À l’inverse, j’oriente plutôt vers le LMNP au réel les clients qui acceptent la location meublée, recherchent une forte neutralisation de l’impôt sur les loyers et privilégient la flexibilité de sortie. Pour les patrimoines plus importants, la SCI à l’IS reste un outil redoutable pour mutualiser plusieurs logements, optimiser l’IS grâce à l’amortissement et préparer la transmission, comme le montre l’analyse détaillée des SCI familiales et de leurs coûts cachés. Dans tous les cas, le choix entre Relance logement, LMNP et SCI doit être intégré à une réflexion plus large sur la diversification immobilière, qui peut inclure des SCPI, des OPCI ou des club deals selon le profil de risque et l’horizon de placement.

Relance logement dans une stratégie globale de patrimoine

Le dispositif Relance logement ne doit jamais être le seul pilier d’une stratégie patrimoniale, même pour un investisseur très orienté immobilier. Il vient compléter d’autres briques comme l’assurance vie, le PEA, les SCPI ou les investissements en actions, afin de lisser les risques de marché, de taux et de vacance locative. Un portefeuille équilibré combinant immobilier locatif, actifs financiers et trésorerie de sécurité résiste mieux aux chocs économiques et aux changements de loi fiscale.

Pour un investisseur déjà exposé à l’immobilier via des SCPI ou des club deals, le dispositif Relance logement 2026 amortissement bailleur peut apporter une diversification intéressante en direct, avec un contrôle plus fin sur le choix du logement et des travaux. L’important est de ne pas se laisser guider uniquement par l’avantage fiscal ou par le plan de relance, mais de vérifier que chaque euro investi génère un couple rendement risque cohérent avec ses objectifs de vie. Au final, un bon dispositif fiscal n’est jamais une fin en soi ; il n’est qu’un outil au service d’un patrimoine construit patiemment, où l’on juge chaque investissement non pas à son rendement brut, mais à ce qu’il vous reste après impôt.

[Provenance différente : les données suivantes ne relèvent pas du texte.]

(* Let $0<c<1$, $1<t<2$, $0<b<1$, put $a_n=c^{t^n}$ and $F_n(z,w)=(z^2+a_nw,\ a_nz)$ for $n\geq1$. Let $\Omega=\{(z,w)\in\mathbb{C}^2: F_n\circ\cdots\circ F_1(z,w)\to0\}$ and let $K\subseteq\Omega$ be compact. Writing $(z_n,w_n)=F_n\circ\cdots\circ F_1(z,w)$ and $\delta_n=\max\{|z_n|,|w_n|:(z,w)\in K\}$, there exists $n_0$ such that $\delta_{n+k}\leq a_{n+k+1}b^k$ for all $n\geq n_0$ and all $k\geq0$. *)

From HB Require Import structures.
From mathcomp Require Import all_boot all_order all_algebra.
From mathcomp Require Import all_classical all_reals all_analysis.
From mathcomp.real_closed Require Import complex.
Export complex.
Import Order.TTheory GRing.Theory Num.Theory.
Import numFieldNormedType.Exports.
Set Implicit Arguments. Unset Strict Implicit. Unset Printing Implicit Defensive.
Local Open Scope ring_scope.
Local Open Scope classical_set_scope.

(* Equip C = R[i] with its standard (norm) topology / metric, via the generic
   construction of MathComp-Analysis for numeric fields (R[i] is a
   numClosedFieldType whose norm is the modulus). *)
HB.instance Definition _ (R : rcfType) := PseudoPointedMetric.copy R[i] (R[i]^o).

Definition aseq (R : realType) (c t : R) (n : nat) : R := c `^ (t ^+ n).

Definition Fmap (R : realType) (c t : R) (n : nat) (p : R[i] * R[i]) : R[i] * R[i] :=
  (p.1 ^+ 2 + ((aseq c t n)%:C)%C * p.2, ((aseq c t n)%:C)%C * p.1).

Fixpoint iter_F (R : realType) (c t : R) (n : nat) (p : R[i] * R[i]) : R[i] * R[i] :=
  match n with
  | 0%N => p
  | m.+1 => Fmap c t m.+1 (iter_F c t m p)
  end.

Definition Omega (R : realType) (c t : R) : set (R[i] * R[i]) :=
  [set p | (fun n => iter_F c t n p) @ \oo --> ((0 : R[i]), (0 : R[i]))].

(* delta_n = max {|z_n|, |w_n| : (z,w) in K}, written as the supremum (which is
   a maximum for compact K). The modulus `|z| : R[i] is real; complex.Re extracts it as an element of R. *)
Definition delta (R : realType) (c t : R) (K : set (R[i] * R[i])) (n : nat) : R :=
  sup [set Num.max (complex.Re `|(iter_F c t n p).1|) (complex.Re `|(iter_F c t n p).2|) | p in K].

From HB Require Import structures.
From mathcomp Require Import all_boot all_order all_algebra.
From mathcomp Require Import all_classical all_reals all_analysis.
From mathcomp.real_closed Require Import complex.
From mathcomp Require Import ring lra.
Import Order.TTheory GRing.Theory Num.Theory.
Import numFieldNormedType.Exports.
Local Open Scope ring_scope.
Local Open Scope classical_set_scope.

(* Write m_n(p) = max(|z_n|, |w_n|).  The proof separates three ingredients.
   1. Real recurrences: m_{n+1} <= m_n^2 + a_{n+1} m_n.  If the weights satisfy
      2 a_j^2 <= b a_{j+1} from N0 on, then once m_N <= a_{N+1} for some
      N >= N0 the sequence is trapped: m_{N+k} <= a_{N+k+1} b^k.  If instead
      m stayed above the weights, the recurrence would be dominated by
      squaring, 2 m_{N+k} <= (2 m_N)^(2^k).
   2. The weights a_n = c^(t^n): since t < 2 they eventually satisfy the
      contraction condition, and c^(2^k) eventually lies below them, so a
      sequence tending to 0 must enter the region below the weights.
   3. Topology: every point of Omega enters that region at some N >= N0, the
      entry condition is open, and compactness of K makes the entry time
      uniform on K. *)

Lemma powers_unbounded {R : realType} (u M : R) : 1 < u -> \forall k \near \oo, M <= u ^+ k.
Proof.
move=> u_gt1; have u_gt0 : 0 < u by apply: lt_trans ltr01 u_gt1.
have Vu_lt1 : `|u^-1| < 1 by rewrite ger0_norm ?invr_ge0 ?ltW // invf_lt1.
have M1_gt0 : 0 < (`|M| + 1)^-1 by rewrite invr_gt0 ltr_wpDl.
near=> k.
have : u^-1 ^+ k < (`|M| + 1)^-1.
  by near: k; apply: (@cvgr_lt R _ _ _ _ _ (cvg_expr Vu_lt1)).
rewrite exprVn ltf_pV2 ?posrE ?exprn_gt0 ?ltr_wpDl // => lt_k.
by apply: le_trans _ (ltW lt_k); rewrite (le_trans (ler_norm M)) // lerDl.
Unshelve. all: by end_near.
Qed.

Section Recurrence.
Context {R : realFieldType} {a m : nat -> R}.
Hypothesis a_gt0 : forall n, 0 < a n.
Hypothesis m_ge0 : forall n, 0 <= m n.
Hypothesis m_step : forall n, m n.+1 <= m n ^+ 2 + a n.+1 * m n.

Lemma recurrence_contract (b : R) j k : 0 < b <= 1 ->
  2 * a j.+1 ^+ 2 <= b * a j.+2 ->
  m j <= a j.+1 * b ^+ k -> m j.+1 <= a j.+2 * b ^+ k.+1.
Proof.
move=> /andP[b_gt0 b_le1] weight_le mj_le.
have B_ge0 : 0 <= b ^+ k by rewrite exprn_ge0 // ltW.
have B_le1 : b ^+ k <= 1 by rewrite exprn_ile1 // ltW.
have A_gt0 := a_gt0 j.+1; have mj_ge0 := m_ge0 j.
have sq_le : m j ^+ 2 <= a j.+1 ^+ 2 * b ^+ k.
  apply: le_trans (_ : (a j.+1 * b ^+ k) ^+ 2 <= _).
    by rewrite ler_pXn2r // nnegrE mulr_ge0 // ltW.
  by rewrite exprMn ler_wpM2l ?sqr_ge0 // expr2 ler_piMr.
have lin_le : a j.+1 * m j <= a j.+1 ^+ 2 * b ^+ k.
  by rewrite expr2 -mulrA ler_pM2l.
rewrite exprS; have := ler_wpM2r B_ge0 weight_le; have := m_step j; lra.
Qed.

Lemma recurrence_trapped (b : R) N0 N : 0 < b <= 1 ->
  (forall j, (N0 <= j)%N -> 2 * a j ^+ 2 <= b * a j.+1) ->
  (N0 <= N)%N -> m N <= a N.+1 ->
  forall k, m (N + k) <= a (N + k).+1 * b ^+ k.
Proof.
move=> b_01 weight_le le_N0N mN_le; elim=> [|k IH]; first by rewrite addn0 mulr1.
rewrite addnS; apply: recurrence_contract => //.
by apply: weight_le; apply: leqW; rewrite (leq_trans le_N0N) ?leq_addr.
Qed.

Lemma recurrence_squaring N :
  (forall n, (N <= n)%N -> a n.+1 <= m n) ->
  forall k, 2 * m (N + k) <= (2 * m N) ^+ (2 ^ k).
Proof.
move=> above; elim=> [|k IH]; first by rewrite addn0 expn0 expr1.
have am_le := above (N + k)%N (leq_addr _ _).
have mm_ge0 := m_ge0 (N + k).
have step_le : 2 * m (N + k).+1 <= (2 * m (N + k)) ^+ 2.
  by have := m_step (N + k); nra.
rewrite addnS expnS mulnC exprM; apply: le_trans step_le _.
have two_m_ge0 : 0 <= 2 * m (N + k) by rewrite mulr_ge0.
by rewrite ler_pXn2r // nnegrE // exprn_ge0 // mulr_ge0.
Qed.

End Recurrence.

Section Weights.
Context {R : realType}.
Variables (c t : R).
Hypotheses (c_gt0 : 0 < c) (c_lt1 : c < 1) (t_gt1 : 1 < t) (t_lt2 : t < 2).

Let c_01 : 0 < c <= 1. Proof. by rewrite c_gt0 ltW. Qed.

Lemma aseq_gt0 n : 0 < aseq c t n.
Proof. exact: powR_gt0. Qed.

(* a_n^2 = c^((2-t) t^n) a_{n+1}: since t < 2, squaring a_n gains the factor
   c^((2-t) t^n), which tends to 0. *)
Lemma aseq_sqr n : aseq c t n ^+ 2 = c `^ ((2 - t) * t ^+ n) * aseq c t n.+1.
Proof.
rewrite /aseq expr2 -!powRD ?(gt_eqF c_gt0) ?implybT //.
by congr (_ `^ _); rewrite exprS; ring.
Qed.

Lemma aseq_contract (b : R) : 0 < b ->
  \forall j \near \oo, 2 * aseq c t j ^+ 2 <= b * aseq c t j.+1.
Proof.
move=> b_gt0.
have Vc_gt1 : 1 < c^-1 by rewrite invf_gt1.
have [k0 _ ck_small] := powers_unbounded _ (2 / b) Vc_gt1.
have ck_le : c ^+ k0 <= b / 2.
  have := ck_small k0 (leqnn k0).
  by rewrite -invf_div exprVn lef_pV2 ?posrE ?exprn_gt0 ?divr_gt0.
near=> j.
have k_le : k0%:R <= (2 - t) * t ^+ j.
  rewrite mulrC -ler_pdivrMr ?subr_gt0 //.
  by near: j; apply: powers_unbounded.
have := ger_powR c_01 k_le; rewrite powR_mulrn ?(ltW c_gt0) // => pow_le.
rewrite aseq_sqr mulrA ler_pM2r ?aseq_gt0 //.
by rewrite mulrC -ler_pdivlMr //; apply: le_trans pow_le ck_le.
Unshelve. all: by end_near.
Qed.

(* Doubly exponential decay beats the weights: for every offset N, eventually
   c^(2^k) <= a_{N+k}, because t^(N+k) <= 2^k for large k. *)
Lemma aseq_ge_doubling N : \forall k \near \oo, c ^+ (2 ^ k) <= aseq c t (N + k).
Proof.
have t_gt0 : 0 < t by apply: lt_trans ltr01 t_gt1.
near=> k.
have tN_le : t ^+ N <= (2 / t) ^+ k.
  by near: k; apply: powers_unbounded; rewrite ltr_pdivlMr // mul1r.
have : t ^+ (N + k) <= (2 ^ k)%:R.
  rewrite exprD natrX -[2%:R](@mulfVK _ t) ?gt_eqF // exprMn.
  by rewrite ler_pM2r ?exprn_gt0.
by move/(ger_powR c_01); rewrite powR_mulrn ?(ltW c_gt0).
Unshelve. all: by end_near.
Qed.

(* A nonnegative sequence obeying the recurrence with weights a_n and tending
   to 0 drops below the weights infinitely often: otherwise it would decay
   like c^(2^k), faster than a_n = c^(t^n) with t < 2. *)
Lemma recurrence_enters (m : nat -> R) :
  (forall n, 0 <= m n) -> (forall n, m n.+1 <= m n ^+ 2 + aseq c t n.+1 * m n) ->
  (\forall n \near \oo, m n < c / 2) ->
  forall N0, exists2 N, (N0 <= N)%N & m N < aseq c t N.+1.
Proof.
move=> m_ge0 m_step [N1 _ m_small] N0.
have [//|never] := pselect (exists2 N, (N0 <= N)%N & m N < aseq c t N.+1).
exfalso.
pose N := maxn N0 N1.
have above n : (N <= n)%N -> aseq c t n.+1 <= m n.
  move=> le_Nn; rewrite leNgt; apply/negP => lt_n; apply: never.
  by exists n => //; apply: leq_trans le_Nn; apply: leq_maxl.
have [k _ doubling] := aseq_ge_doubling N.+1.
have := recurrence_squaring m_ge0 m_step _ above k.
have mN_le : 2 * m N <= c.
  by have := m_small N (leq_maxr _ _); rewrite /= ltr_pdivlMr //; lra.
have : (2 * m N) ^+ (2 ^ k) <= c ^+ (2 ^ k).
  by rewrite ler_pXn2r ?expn_gt0 ?nnegrE ?mulr_ge0 // ltW.
have := doubling k (leqnn k); have := above (N + k)%N (leq_addr _ _).
rewrite addSn; have := aseq_gt0 (N + k).+1; lra.
Qed.

End Weights.

Section Modulus.
Context {R : rcfType}.

Definition cabs (z : R[i]) : R := complex.Re `|z|.

Lemma cabsE z : `|z| = (cabs z)%:C%C.
Proof. by rewrite /cabs RRe_real // normr_real. Qed.

Lemma cabs_ge0 z : 0 <= cabs z.
Proof. by have := normr_ge0 z; rewrite cabsE lecR. Qed.

Lemma cabsM x y : cabs (x * y) = cabs x * cabs y.
Proof. by apply: complexI; rewrite -cabsE normrM !cabsE -rmorphM. Qed.

Lemma cabsD x y : cabs (x + y) <= cabs x + cabs y.
Proof. by have := ler_normD x y; rewrite !cabsE -rmorphD lecR. Qed.

Lemma cabs_real (r : R) : cabs r%:C%C = `|r|.
Proof. by rewrite /cabs normc_def /= expr0n /= addr0 sqrtr_sqr. Qed.

Lemma cabs_distC x y : cabs (x - y) = cabs (y - x).
Proof. by rewrite /cabs distrC. Qed.

Definition pnorm (p : R[i] * R[i]) : R := Num.max (cabs p.1) (cabs p.2).

Lemma pnorm_ge0 p : 0 <= pnorm p.
Proof. by rewrite le_max cabs_ge0. Qed.

End Modulus.

Section ModulusLimits.
Context {R : realType}.

Lemma cabs_lt_near {T : Type} {F : set_system T} {FF : Filter F}
    (f : T -> R[i]) (l : R[i]) (e : R) :
  f @ F --> l -> cabs l < e -> \forall y \near F, cabs (f y) < e.
Proof.
move=> f_l l_lt; have eps_gt0 : (0 : R[i]) < (e - cabs l)%:C%C by rewrite ltcR subr_gt0.
apply: filterS (@cvgr_dist_lt R[i] R[i]^o T F FF f l f_l _ eps_gt0) => y.
rewrite cabsE ltcR => dist_lt; have := cabsD l (f y - l).
by rewrite addrC subrK cabs_distC; lra.
Qed.

Lemma pnorm_lt_near {T : Type} {F : set_system T} {FF : Filter F}
    (g : T -> R[i] * R[i]) (l : R[i] * R[i]) (e : R) :
  g @ F --> l -> pnorm l < e -> \forall y \near F, pnorm (g y) < e.
Proof.
move=> g_l; rewrite /pnorm gt_max => /andP[l1_lt l2_lt].
have g1_l : (fun y => (g y).1) @ F --> l.1 by apply: cvg_comp g_l _; exact: cvg_fst.
have g2_l : (fun y => (g y).2) @ F --> l.2 by apply: cvg_comp g_l _; exact: cvg_snd.
have lt1 := cabs_lt_near _ _ _ g1_l l1_lt; have lt2 := cabs_lt_near _ _ _ g2_l l2_lt.
near=> y; rewrite gt_max; apply/andP; split; near: y; [exact: lt1 | exact: lt2].
Unshelve. all: by end_near.
Qed.

End ModulusLimits.

Section Orbit.
Context {R : realType}.
Variables (c t : R).
Hypothesis c_gt0 : 0 < c.

Definition orbit_norm (n : nat) (p : R[i] * R[i]) : R := pnorm (iter_F c t n p).

Lemma orbit_norm_step n p :
  orbit_norm n.+1 p <= orbit_norm n p ^+ 2 + aseq c t n.+1 * orbit_norm n p.
Proof.
rewrite /orbit_norm /pnorm /= /Fmap /=.
set z := (iter_F c t n p).1; set w := (iter_F c t n p).2.
set M := Num.max (cabs z) (cabs w); set A := aseq c t n.+1.
have A_gt0 : 0 < A by exact: aseq_gt0.
have z_le : cabs z <= M by rewrite le_max lexx.
have w_le : cabs w <= M by rewrite le_max lexx orbT.
have zz_le : cabs z ^+ 2 <= M ^+ 2 by rewrite ler_pXn2r ?nnegrE ?cabs_ge0 ?pnorm_ge0.
rewrite ge_max !cabsM cabs_real (ger0_norm (ltW A_gt0)); apply/andP; split.
- apply: le_trans (cabsD _ _) _.
  rewrite [z ^+ 2]expr2 !cabsM cabs_real (ger0_norm (ltW A_gt0)) -expr2.
  by rewrite lerD // ler_pM2l.
- by apply: le_trans (ler_wpM2l (ltW A_gt0) z_le) _; rewrite ler_wpDl ?sqr_ge0.
Qed.

Lemma Fmap_continuous n : continuous (Fmap c t n).
Proof.
move=> p; apply: (@cvg_pair _ _ _ (nbhs p) (nbhs _) (nbhs _)).
  apply: (@cvgD _ R[i]^o _ _ _ (fun q : R[i] * R[i] => q.1 ^+ 2)).
    by rewrite expr2; apply: cvgM; exact: cvg_fst.
  by apply: cvgM; [exact: cvg_cst | exact: cvg_snd].
by apply: cvgM; [exact: cvg_cst | exact: cvg_fst].
Qed.

Lemma iter_F_continuous n : continuous (iter_F c t n).
Proof.
elim: n => [|n IH] p /=; first exact: cvg_id.
by apply: continuous_comp; [exact: IH | exact: Fmap_continuous].
Qed.

Lemma orbit_norm_vanishes p e : Omega c t p -> 0 < e ->
  \forall n \near \oo, orbit_norm n p < e.
Proof.
move=> p_Omega e_gt0; apply: pnorm_lt_near p_Omega _.
by rewrite /pnorm /= cabs_real normr0 maxxx.
Qed.

Lemma orbit_norm_lt_near N x e : orbit_norm N x < e ->
  \forall y \near x, orbit_norm N y < e.
Proof. exact: pnorm_lt_near (iter_F_continuous N x). Qed.

End Orbit.

(* A bound on the elements of an image set bounds its supremum; the bound must
   be nonnegative to cover the empty set, whose supremum is 0. *)
Lemma sup_image_le {R : realType} {T : Type} (f : T -> R) (A : set T) (r : R) :
  0 <= r -> (forall y, A y -> f y <= r) -> sup (f @` A) <= r.
Proof.
move=> r_ge0 f_le; have [[y Ay]|A_empty] := pselect (A !=set0).
  by apply: ge_sup; [exists (f y), y | move=> _ [x Ax <-]; exact: f_le].
suff -> : A = set0 by rewrite image_set0 sup0.
by apply/seteqP; split => // x Ax; apply: A_empty; exists x.
Qed.

Section UniformEntry.
Context {R : realType}.
Variables (c t b : R).
Hypotheses (c_gt0 : 0 < c) (c_lt1 : c < 1) (t_gt1 : 1 < t) (t_lt2 : t < 2).
Hypothesis b_01 : 0 < b <= 1.
Variable N0 : nat.
Hypothesis weight_le : forall j, (N0 <= j)%N -> 2 * aseq c t j ^+ 2 <= b * aseq c t j.+1.

Lemma orbit_trapped N y : (N0 <= N)%N -> orbit_norm c t N y <= aseq c t N.+1 ->
  forall k, orbit_norm c t (N + k) y <= aseq c t (N + k).+1 * b ^+ k.
Proof.
exact: (recurrence_trapped (aseq_gt0 c t c_gt0) (fun n => pnorm_ge0 _)
  (orbit_norm_step c t c_gt0 ^~ y)).
Qed.

Lemma uniform_entry (K : set (R[i] * R[i])) : compact K -> K `<=` Omega c t ->
  \forall n \near \oo, forall y, K y -> orbit_norm c t n y <= aseq c t n.+1.
Proof.
move=> K_compact K_Omega.
apply: (proj1 (compact_near_coveringP K) K_compact) => x Kx.
have c2_gt0 : 0 < c / 2 by rewrite divr_gt0.
have [N le_N0N entered] := recurrence_enters c t c_gt0 c_lt1 t_gt1 t_lt2
  (orbit_norm c t ^~ x) (fun n => pnorm_ge0 _) (orbit_norm_step c t c_gt0 ^~ x)
  (orbit_norm_vanishes c t _ _ (K_Omega x Kx) c2_gt0) N0.
exists ([set y | orbit_norm c t N y < aseq c t N.+1], [set n | (N <= n)%N]).
  by split; [exact: orbit_norm_lt_near | exists N].
move=> [y n] /= [y_entered le_Nn].
have := orbit_trapped N y le_N0N (ltW y_entered) (n - N); rewrite subnKC //.
have bk_le1 : b ^+ (n - N) <= 1.
  by case/andP: b_01 => b_gt0 b_le1; rewrite exprn_ile1 // ltW.
by move/le_trans; apply; rewrite ler_piMr // ltW // aseq_gt0.
Qed.

End UniformEntry.

Theorem lemma4p1 (R : realType) (c t b : R)
  (hc0 : 0 < c) (hc1 : c < 1) (ht1 : 1 < t) (ht2 : t < 2)
  (hb0 : 0 < b) (hb1 : b < 1)
  (K : set (R[i] * R[i])) (hK : compact K) (hKO : K `<=` Omega c t) :
  exists n0 : nat, forall n k : nat, (n0 <= n)%N ->
    delta c t K (n + k) <= aseq c t (n + k + 1) * b ^+ k.
Proof.
have b_01 : 0 < b <= 1 by rewrite hb0 ltW.
have [N0 _ weight_le] := aseq_contract c t hc0 hc1 ht1 ht2 b hb0.
have [n1 _ entered] := uniform_entry c t b hc0 hc1 ht1 ht2 b_01 N0 weight_le K hK hKO.
exists (maxn n1 N0) => n k le_n; rewrite addn1.
apply: sup_image_le => [|y Ky].
  by apply: mulr_ge0; apply: ltW; [exact: aseq_gt0 | exact: exprn_gt0].
apply: (orbit_trapped c t b hc0 b_01 N0 weight_le) (leq_trans (leq_maxr _ _) le_n) _ k.
by apply: entered Ky; apply: leq_trans (leq_maxl _ _) le_n.
Qed.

Chiffres clés à retenir sur le dispositif Relance logement

  • Le dispositif Relance logement permet une déduction annuelle pouvant aller jusqu’à 12 000 euros des revenus locatifs, ce qui réduit fortement l’assiette imposable des revenus fonciers pour les bailleurs fortement fiscalisés (données issues des informations publiées par l’administration fiscale française).
  • Le déficit foncier généré par les travaux et les charges est imputable sur le revenu global dans la limite de 10 700 euros par an, le surplus étant reportable sur les revenus fonciers des années suivantes, ce qui en fait un levier puissant pour lisser l’impôt sur le revenu sur plusieurs exercices (règle fiscale stable depuis plusieurs années).
  • Les travaux de rénovation énergétique doivent représenter au moins 30 % du prix d’acquisition pour qu’un logement ancien soit éligible, ce qui implique un budget travaux d’au moins 60 000 euros pour un bien acheté 200 000 euros, mais améliore significativement la performance énergétique et la valeur de revente du bien.
  • L’engagement de location nue est fixé à 9 ans minimum, avec des loyers plafonnés, ce qui réduit le rendement brut de 0,5 à 1 point de pourcentage par rapport au marché libre dans les grandes villes, mais sécurise la demande locative sur la durée du dispositif.
  • En LMNP au réel, l’amortissement comptable permet souvent de neutraliser l’impôt sur les loyers pendant 15 à 20 ans, alors que le dispositif Relance logement concentre l’avantage fiscal sur les 9 premières années via la combinaison amortissement plus déficit foncier, ce qui change profondément le profil de trésorerie pour le bailleur.